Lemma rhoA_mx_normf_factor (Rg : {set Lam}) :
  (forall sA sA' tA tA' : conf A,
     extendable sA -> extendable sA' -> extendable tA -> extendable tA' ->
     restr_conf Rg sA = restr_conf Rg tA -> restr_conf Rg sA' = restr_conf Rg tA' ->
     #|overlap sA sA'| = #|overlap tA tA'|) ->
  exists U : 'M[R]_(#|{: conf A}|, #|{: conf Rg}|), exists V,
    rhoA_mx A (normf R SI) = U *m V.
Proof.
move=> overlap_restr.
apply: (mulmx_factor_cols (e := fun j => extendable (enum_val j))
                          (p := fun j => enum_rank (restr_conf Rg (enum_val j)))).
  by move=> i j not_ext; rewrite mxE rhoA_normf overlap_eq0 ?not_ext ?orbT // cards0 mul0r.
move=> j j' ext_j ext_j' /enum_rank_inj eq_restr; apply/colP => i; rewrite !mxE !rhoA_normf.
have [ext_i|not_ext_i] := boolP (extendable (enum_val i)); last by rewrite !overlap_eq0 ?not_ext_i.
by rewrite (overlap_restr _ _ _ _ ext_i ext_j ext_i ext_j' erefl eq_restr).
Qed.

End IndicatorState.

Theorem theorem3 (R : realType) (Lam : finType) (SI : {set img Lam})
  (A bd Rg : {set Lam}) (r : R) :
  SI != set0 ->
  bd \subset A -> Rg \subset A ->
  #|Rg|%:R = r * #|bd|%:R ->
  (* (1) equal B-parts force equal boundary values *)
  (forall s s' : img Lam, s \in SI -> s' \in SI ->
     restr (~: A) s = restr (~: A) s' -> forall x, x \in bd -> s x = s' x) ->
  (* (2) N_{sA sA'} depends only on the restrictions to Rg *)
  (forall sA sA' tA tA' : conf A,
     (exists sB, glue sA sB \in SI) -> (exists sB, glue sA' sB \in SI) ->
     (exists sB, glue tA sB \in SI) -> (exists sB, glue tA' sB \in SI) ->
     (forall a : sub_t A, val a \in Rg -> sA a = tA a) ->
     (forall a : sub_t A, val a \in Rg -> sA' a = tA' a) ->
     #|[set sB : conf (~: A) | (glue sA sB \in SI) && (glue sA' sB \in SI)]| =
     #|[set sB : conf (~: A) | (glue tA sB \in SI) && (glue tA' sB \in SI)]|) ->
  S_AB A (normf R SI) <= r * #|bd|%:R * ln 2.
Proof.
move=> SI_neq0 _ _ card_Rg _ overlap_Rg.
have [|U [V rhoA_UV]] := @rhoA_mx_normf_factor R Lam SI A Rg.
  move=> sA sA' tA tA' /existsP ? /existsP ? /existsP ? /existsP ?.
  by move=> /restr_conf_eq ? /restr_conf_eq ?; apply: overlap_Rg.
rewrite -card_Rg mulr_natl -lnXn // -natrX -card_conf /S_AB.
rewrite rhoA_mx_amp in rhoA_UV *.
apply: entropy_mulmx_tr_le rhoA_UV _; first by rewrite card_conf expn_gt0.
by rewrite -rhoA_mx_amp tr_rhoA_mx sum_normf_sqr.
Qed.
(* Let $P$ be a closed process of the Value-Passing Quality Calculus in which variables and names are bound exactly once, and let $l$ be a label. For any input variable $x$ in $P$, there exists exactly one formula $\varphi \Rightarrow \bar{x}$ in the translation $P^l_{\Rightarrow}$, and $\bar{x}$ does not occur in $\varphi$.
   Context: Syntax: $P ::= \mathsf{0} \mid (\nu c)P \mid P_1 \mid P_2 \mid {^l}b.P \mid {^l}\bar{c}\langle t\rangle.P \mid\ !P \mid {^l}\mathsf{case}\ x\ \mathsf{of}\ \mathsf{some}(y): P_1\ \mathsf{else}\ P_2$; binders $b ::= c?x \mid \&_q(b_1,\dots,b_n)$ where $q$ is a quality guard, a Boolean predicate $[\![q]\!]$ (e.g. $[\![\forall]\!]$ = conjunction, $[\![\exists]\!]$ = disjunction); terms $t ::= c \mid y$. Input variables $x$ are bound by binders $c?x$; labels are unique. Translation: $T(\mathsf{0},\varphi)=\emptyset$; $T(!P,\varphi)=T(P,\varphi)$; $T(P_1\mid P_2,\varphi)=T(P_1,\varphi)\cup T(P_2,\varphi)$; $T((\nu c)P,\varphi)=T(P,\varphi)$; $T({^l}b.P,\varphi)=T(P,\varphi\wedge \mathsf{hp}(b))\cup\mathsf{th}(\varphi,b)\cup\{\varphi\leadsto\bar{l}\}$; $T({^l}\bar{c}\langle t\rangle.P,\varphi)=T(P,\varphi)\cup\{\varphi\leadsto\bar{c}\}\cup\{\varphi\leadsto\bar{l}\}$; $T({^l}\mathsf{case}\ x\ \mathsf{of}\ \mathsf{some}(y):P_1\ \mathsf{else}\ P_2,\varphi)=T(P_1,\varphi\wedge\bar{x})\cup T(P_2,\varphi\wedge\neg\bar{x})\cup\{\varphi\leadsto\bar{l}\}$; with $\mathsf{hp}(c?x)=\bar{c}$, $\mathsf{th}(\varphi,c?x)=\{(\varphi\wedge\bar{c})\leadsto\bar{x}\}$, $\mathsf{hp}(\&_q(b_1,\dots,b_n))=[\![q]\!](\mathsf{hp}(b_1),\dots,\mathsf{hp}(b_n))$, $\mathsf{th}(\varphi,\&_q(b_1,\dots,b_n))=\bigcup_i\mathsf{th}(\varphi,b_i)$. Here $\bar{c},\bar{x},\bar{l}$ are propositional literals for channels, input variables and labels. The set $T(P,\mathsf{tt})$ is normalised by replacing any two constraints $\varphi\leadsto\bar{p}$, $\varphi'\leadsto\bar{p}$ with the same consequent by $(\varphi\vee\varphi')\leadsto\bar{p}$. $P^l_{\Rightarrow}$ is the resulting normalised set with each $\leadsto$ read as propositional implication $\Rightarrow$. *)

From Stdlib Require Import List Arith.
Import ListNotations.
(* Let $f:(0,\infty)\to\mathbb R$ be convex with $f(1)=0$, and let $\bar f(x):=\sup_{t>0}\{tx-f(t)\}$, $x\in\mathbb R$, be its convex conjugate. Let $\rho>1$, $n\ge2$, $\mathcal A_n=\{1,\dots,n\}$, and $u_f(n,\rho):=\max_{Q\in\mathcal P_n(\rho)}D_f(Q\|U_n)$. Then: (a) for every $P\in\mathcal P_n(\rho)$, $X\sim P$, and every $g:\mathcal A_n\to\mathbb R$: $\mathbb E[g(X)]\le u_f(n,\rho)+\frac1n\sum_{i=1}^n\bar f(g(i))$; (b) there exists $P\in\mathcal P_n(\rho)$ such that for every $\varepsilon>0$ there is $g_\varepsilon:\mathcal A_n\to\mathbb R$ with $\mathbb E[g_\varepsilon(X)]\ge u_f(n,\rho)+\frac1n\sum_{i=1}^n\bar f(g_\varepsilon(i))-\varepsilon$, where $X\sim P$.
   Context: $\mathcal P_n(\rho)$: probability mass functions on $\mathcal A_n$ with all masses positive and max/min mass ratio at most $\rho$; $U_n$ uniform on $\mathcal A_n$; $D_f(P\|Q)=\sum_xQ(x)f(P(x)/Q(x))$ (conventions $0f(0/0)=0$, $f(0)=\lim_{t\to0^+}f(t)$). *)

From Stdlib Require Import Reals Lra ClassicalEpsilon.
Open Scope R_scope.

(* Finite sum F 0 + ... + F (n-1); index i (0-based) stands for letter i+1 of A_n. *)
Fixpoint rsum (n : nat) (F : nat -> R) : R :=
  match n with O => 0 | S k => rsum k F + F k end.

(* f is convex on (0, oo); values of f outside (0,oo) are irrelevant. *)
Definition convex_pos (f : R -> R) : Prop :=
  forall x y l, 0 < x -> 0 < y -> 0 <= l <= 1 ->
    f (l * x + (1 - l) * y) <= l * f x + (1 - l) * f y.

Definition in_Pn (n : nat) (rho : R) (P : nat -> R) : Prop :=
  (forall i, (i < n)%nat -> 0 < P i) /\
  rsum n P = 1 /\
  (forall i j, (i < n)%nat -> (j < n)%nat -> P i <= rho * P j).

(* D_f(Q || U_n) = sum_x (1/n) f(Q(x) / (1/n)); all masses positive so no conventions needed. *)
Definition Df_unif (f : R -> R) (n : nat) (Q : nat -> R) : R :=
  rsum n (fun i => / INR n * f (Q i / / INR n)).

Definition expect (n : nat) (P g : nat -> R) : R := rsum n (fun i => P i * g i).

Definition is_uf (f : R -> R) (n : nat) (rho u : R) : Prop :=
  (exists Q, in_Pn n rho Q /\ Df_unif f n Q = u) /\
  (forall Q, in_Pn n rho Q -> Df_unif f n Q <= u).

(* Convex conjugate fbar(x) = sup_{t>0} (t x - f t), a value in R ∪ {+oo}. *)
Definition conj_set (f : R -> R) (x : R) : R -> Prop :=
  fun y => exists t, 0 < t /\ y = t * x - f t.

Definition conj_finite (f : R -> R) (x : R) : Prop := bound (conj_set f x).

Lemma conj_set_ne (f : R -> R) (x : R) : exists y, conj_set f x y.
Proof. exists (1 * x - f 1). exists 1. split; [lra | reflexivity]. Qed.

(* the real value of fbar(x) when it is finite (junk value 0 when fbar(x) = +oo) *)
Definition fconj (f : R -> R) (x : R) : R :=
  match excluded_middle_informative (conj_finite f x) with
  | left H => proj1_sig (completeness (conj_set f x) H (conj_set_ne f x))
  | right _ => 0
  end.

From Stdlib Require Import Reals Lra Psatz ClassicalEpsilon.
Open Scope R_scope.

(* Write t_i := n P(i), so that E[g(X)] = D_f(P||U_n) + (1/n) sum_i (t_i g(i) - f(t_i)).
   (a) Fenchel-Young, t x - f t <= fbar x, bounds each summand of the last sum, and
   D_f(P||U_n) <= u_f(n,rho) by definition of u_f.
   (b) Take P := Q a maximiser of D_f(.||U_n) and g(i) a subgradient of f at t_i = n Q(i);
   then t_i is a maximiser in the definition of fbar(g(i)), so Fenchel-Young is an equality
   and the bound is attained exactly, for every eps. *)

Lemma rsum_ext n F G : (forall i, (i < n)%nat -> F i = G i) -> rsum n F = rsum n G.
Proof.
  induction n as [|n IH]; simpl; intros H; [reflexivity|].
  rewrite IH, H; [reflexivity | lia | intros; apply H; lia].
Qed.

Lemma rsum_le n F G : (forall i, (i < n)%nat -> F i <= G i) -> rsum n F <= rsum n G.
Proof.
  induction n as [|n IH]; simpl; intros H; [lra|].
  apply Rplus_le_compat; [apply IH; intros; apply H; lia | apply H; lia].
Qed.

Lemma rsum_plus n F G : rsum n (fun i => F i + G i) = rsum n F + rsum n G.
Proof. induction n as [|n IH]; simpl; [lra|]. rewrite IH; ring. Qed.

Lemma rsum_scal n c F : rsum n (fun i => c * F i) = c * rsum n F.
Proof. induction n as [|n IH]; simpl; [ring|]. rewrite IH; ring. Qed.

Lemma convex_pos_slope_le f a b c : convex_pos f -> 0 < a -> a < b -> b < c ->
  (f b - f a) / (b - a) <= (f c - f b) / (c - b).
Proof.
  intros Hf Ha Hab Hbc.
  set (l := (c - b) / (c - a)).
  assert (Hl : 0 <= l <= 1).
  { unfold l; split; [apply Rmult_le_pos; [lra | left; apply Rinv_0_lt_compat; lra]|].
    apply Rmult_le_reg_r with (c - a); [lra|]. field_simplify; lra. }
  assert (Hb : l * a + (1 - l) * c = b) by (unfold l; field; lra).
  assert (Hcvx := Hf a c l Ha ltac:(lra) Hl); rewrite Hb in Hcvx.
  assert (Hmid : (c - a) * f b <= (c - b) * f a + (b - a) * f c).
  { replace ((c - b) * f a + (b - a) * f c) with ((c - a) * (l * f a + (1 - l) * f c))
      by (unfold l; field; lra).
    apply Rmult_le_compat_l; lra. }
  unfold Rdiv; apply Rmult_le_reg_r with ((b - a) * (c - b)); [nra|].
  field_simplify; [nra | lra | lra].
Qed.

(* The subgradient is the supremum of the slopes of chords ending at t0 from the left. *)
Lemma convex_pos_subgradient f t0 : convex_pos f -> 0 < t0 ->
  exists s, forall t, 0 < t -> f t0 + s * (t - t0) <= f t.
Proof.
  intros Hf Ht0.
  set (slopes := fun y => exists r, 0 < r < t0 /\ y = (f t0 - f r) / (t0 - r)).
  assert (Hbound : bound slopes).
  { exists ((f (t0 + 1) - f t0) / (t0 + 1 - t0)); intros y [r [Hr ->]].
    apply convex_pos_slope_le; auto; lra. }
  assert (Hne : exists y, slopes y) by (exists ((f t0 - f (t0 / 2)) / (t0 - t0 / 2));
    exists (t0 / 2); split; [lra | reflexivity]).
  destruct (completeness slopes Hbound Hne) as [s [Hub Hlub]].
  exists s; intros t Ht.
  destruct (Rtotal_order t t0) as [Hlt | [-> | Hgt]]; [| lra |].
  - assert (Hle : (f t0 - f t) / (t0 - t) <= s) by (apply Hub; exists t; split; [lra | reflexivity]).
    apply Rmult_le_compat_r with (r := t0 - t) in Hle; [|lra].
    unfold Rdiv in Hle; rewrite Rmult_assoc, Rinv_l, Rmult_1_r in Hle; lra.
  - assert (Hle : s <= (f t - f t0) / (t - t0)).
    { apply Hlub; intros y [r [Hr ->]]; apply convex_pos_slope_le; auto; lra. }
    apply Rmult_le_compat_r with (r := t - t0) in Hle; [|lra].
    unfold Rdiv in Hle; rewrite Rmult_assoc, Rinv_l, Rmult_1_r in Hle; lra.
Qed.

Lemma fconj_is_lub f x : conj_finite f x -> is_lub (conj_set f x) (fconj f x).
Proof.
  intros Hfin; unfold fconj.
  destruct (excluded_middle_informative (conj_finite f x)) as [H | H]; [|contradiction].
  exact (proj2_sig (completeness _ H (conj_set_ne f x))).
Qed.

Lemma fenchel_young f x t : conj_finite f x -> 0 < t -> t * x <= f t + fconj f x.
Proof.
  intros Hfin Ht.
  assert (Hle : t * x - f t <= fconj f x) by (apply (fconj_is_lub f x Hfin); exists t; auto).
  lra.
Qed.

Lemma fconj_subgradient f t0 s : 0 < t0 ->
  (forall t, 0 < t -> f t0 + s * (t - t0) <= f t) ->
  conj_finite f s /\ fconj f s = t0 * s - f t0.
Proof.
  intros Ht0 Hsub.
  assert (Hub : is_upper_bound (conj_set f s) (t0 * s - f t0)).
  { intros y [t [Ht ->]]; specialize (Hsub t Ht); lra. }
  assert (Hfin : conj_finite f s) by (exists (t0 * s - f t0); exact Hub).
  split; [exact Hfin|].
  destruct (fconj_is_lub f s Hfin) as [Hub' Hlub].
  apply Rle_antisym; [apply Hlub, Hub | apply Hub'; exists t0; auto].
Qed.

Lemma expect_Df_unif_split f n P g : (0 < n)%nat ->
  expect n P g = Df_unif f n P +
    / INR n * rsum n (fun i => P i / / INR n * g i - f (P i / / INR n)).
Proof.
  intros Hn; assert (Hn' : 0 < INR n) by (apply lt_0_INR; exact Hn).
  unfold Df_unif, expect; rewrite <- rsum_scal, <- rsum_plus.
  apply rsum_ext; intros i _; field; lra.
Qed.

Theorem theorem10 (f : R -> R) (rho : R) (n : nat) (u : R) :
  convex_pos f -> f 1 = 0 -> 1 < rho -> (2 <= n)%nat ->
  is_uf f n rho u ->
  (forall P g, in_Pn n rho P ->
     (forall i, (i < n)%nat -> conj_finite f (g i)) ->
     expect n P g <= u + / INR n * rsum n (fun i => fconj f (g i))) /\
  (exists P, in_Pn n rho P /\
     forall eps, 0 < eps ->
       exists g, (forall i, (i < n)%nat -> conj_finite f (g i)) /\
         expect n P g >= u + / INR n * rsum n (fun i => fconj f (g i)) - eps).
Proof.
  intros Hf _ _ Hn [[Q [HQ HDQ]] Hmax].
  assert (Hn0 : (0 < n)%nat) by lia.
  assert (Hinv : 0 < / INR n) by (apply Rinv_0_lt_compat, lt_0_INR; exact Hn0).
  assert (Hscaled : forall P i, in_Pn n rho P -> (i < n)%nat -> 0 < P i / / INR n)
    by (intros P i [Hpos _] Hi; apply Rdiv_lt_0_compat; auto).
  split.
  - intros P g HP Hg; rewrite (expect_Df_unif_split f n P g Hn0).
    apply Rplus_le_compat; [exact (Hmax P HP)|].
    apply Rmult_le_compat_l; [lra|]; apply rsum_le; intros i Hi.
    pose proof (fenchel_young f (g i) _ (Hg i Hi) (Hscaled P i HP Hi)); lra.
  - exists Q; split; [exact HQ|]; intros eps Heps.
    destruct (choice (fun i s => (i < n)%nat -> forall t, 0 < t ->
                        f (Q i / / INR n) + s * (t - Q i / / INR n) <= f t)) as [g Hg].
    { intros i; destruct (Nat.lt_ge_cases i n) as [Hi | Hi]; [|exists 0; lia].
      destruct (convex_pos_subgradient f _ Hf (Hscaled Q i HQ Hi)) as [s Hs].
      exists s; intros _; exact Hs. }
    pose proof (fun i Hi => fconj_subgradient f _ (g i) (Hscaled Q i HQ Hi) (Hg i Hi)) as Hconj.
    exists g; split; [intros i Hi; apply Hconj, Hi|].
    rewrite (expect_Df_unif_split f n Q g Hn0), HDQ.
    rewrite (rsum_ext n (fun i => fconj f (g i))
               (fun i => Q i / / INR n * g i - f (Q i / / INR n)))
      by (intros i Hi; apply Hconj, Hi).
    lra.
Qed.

> Aim of the task
Exact copies of the line containing "destruct (choice (fun" and of every line after it through the end of the entries are all that should be output.

> Worked solution
    destruct (choice (fun i s => (i < n)%nat -> forall t, 0 < t ->
                        f (Q i / / INR n) + s * (t - Q i / / INR n) <= f t)) as [g Hg].
    { intros i; destruct (Nat.lt_ge_cases i n) as [Hi | Hi]; [|exists 0; lia].
      destruct (convex_pos_subgradient f _ Hf (Hscaled Q i HQ Hi)) as [s Hs].
      exists s; intros _; exact Hs. }
    pose proof (fun i Hi => fconj_subgradient f _ (g i) (Hscaled Q i HQ Hi) (Hg i Hi)) as Hconj.
    exists g; split; [intros i Hi; apply Hconj, Hi|].
    rewrite (expect_Df_unif_split f n Q g Hn0), HDQ.
    rewrite (rsum_ext n (fun i => fconj f (g i))
               (fun i => Q i / / INR n * g i - f (Q i / / INR n)))
      by (intros i Hi; apply Hconj, Hi).
    lra.
Qed.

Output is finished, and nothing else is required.